» WHAT YOU ARE ASKED TO DO
What is needed is a copy of each line in the listing that contains "split".

» EXTRACTED MATERIAL

Lemma transducer_tm_correct u : exists2 t, t <= 14 * size u ^ 2 + 14 &
  tm_halted_with transducer_tm (tm_run transducer_tm t u) (transduce g0 u).
Proof.
have [k k_le [m' run]] := transducer_tm_run u g0 0 [::] 0.
exists k; first by move: k_le; rewrite muln0 addn0; nia.
have init : tm_init transducer_tm u = conf (Fetch g0) [::] (map Input u ++ [::] ++ [::]).
  by rewrite /tm_init /conf cat0s cats0; case: (u).
by rewrite /tm_run init run /=; split => //; apply: read_out_outputs.
Qed.

End SequentialTransducer.

Arguments transduce {S}.
Arguments transducer_tm {S}.
Arguments transducer_tm_correct {S}.

Lemma transducer_poly_time (S : finType) trans (g0 : S) (f : form -> form) :
  (forall phi, transduce trans g0 (enc_form phi) = enc_form (f phi)) ->
  poly_time_form_fun f.
Proof.
move=> computes_f; exists (transducer_tm trans g0), 14, 2 => phi.
have [t t_le halted] := transducer_tm_correct trans g0 (enc_form phi).
by exists t; rewrite -computes_f.
Qed.

Inductive tr_state := Copy | AfterProg | AfterVar | VarIndex.

Definition tr_state_code (g : tr_state) : bool * bool :=
  match g with
  | Copy => (false, false) | AfterProg => (false, true)
  | AfterVar => (true, false) | VarIndex => (true, true)
  end.

Definition tr_state_decode (c : bool * bool) : tr_state :=
  match c with
  | (false, false) => Copy | (false, true) => AfterProg
  | (true, false) => AfterVar | (true, true) => VarIndex
  end.

Lemma tr_state_codeK : cancel tr_state_code tr_state_decode. Proof. by case. Qed.

HB.instance Definition _ := Finite.copy tr_state (can_type tr_state_codeK).

(* [enc_nat n] is [S1], the bits of [n + 1] below its leading one, then [SEnd]; thus
   inserting [S0] (resp. [S1]) after the first symbol turns [n] into [2n+1]
   (resp. [2n+2]). *)
Definition tr_trans (g : tr_state) (s : sym) : tr_state * option sym * option sym :=
  match g, s with
  | Copy, SProg => (AfterProg, Some SProg, None)
  | Copy, SVar => (AfterVar, Some SBox, Some SProg)
  | Copy, _ => (Copy, Some s, None)
  | AfterProg, _ => (Copy, Some s, Some S0)
  | AfterVar, _ => (VarIndex, Some s, Some S1)
  | VarIndex, SEnd => (Copy, Some SEnd, Some SBot)
  | VarIndex, _ => (VarIndex, Some s, None)
  end.

Lemma of_succ_nat_odd j : Pos.of_succ_nat j.*2.+1 = xO (Pos.of_succ_nat j).
Proof. by elim: j => //= j ->. Qed.

Lemma of_succ_nat_even j : Pos.of_succ_nat j.*2.+2 = xI (Pos.of_succ_nat j).
Proof. by elim: j => //= j ->. Qed.

Lemma enc_nat_odd j : enc_nat j.*2.+1 = S1 :: S0 :: behead (enc_nat j).
Proof. by rewrite /enc_nat of_succ_nat_odd. Qed.

Lemma enc_nat_even j : enc_nat j.*2.+2 = S1 :: S1 :: behead (enc_nat j).
Proof. by rewrite /enc_nat of_succ_nat_even. Qed.

Lemma enc_nat_head i : enc_nat i = S1 :: behead (enc_nat i).
Proof. by []. Qed.

Lemma transduce_copy_index i rest :
  transduce tr_trans Copy (behead (enc_nat i) ++ rest)
  = behead (enc_nat i) ++ transduce tr_trans Copy rest.
Proof. by rewrite /enc_nat /=; elim: (Pos.of_succ_nat i) => //= p ->. Qed.

Lemma transduce_var_index i rest :
  transduce tr_trans VarIndex (behead (enc_nat i) ++ rest)
  = behead (enc_nat i) ++ SBot :: transduce tr_trans Copy rest.
Proof. by rewrite /enc_nat /=; elim: (Pos.of_succ_nat i) => //= p ->. Qed.

Opaque enc_nat.

Lemma transduce_enc_prog a rest :
  transduce tr_trans Copy (enc_prog a ++ rest)
  = enc_prog (tr_prog a) ++ transduce tr_trans Copy rest.
Proof.
elim: a rest => [j|a IHa b IHb|a IHa b IHb|a IHa] rest /=.
- by rewrite enc_nat_odd enc_nat_head /= transduce_copy_index.
- by rewrite -catA IHa IHb catA.
- by rewrite -catA IHa IHb catA.
- by rewrite IHa.
Qed.

Lemma transduce_enc_form phi rest :
  transduce tr_trans Copy (enc_form phi ++ rest)
  = enc_form (tr_form phi) ++ transduce tr_trans Copy rest.
Proof.
elim: phi rest => [i||phi IHphi psi IHpsi|a psi IHpsi] rest //=.
- by rewrite enc_nat_even enc_nat_head /= transduce_var_index -catA.
- by rewrite -catA IHphi IHpsi catA.
- by rewrite -catA transduce_enc_prog IHpsi catA.
Qed.

Lemma transduce_tr_form phi :
  transduce tr_trans Copy (enc_form phi) = enc_form (tr_form phi).
Proof. by have := transduce_enc_form phi [::]; rewrite !cats0. Qed.

Theorem theorem3 :
  exists f : form -> form,
    poly_time_form_fun f /\
    (forall phi : form, var_free (f phi)) /\
    (forall phi : form, pdl_valid phi <-> pdl_valid (f phi)).
Proof.
exists tr_form; split; first exact: transducer_poly_time transduce_tr_form.
by split; [exact: var_free_tr_form | exact: pdl_valid_tr_form].
Qed.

» WRITTEN SOLUTION
by rewrite /tm_run init run /=; split => //; apply: read_out_outputs.
exists tr_form; split; first exact: transducer_poly_time transduce_tr_form.
by split; [exact: var_free_tr_form | exact: pdl_valid_tr_form].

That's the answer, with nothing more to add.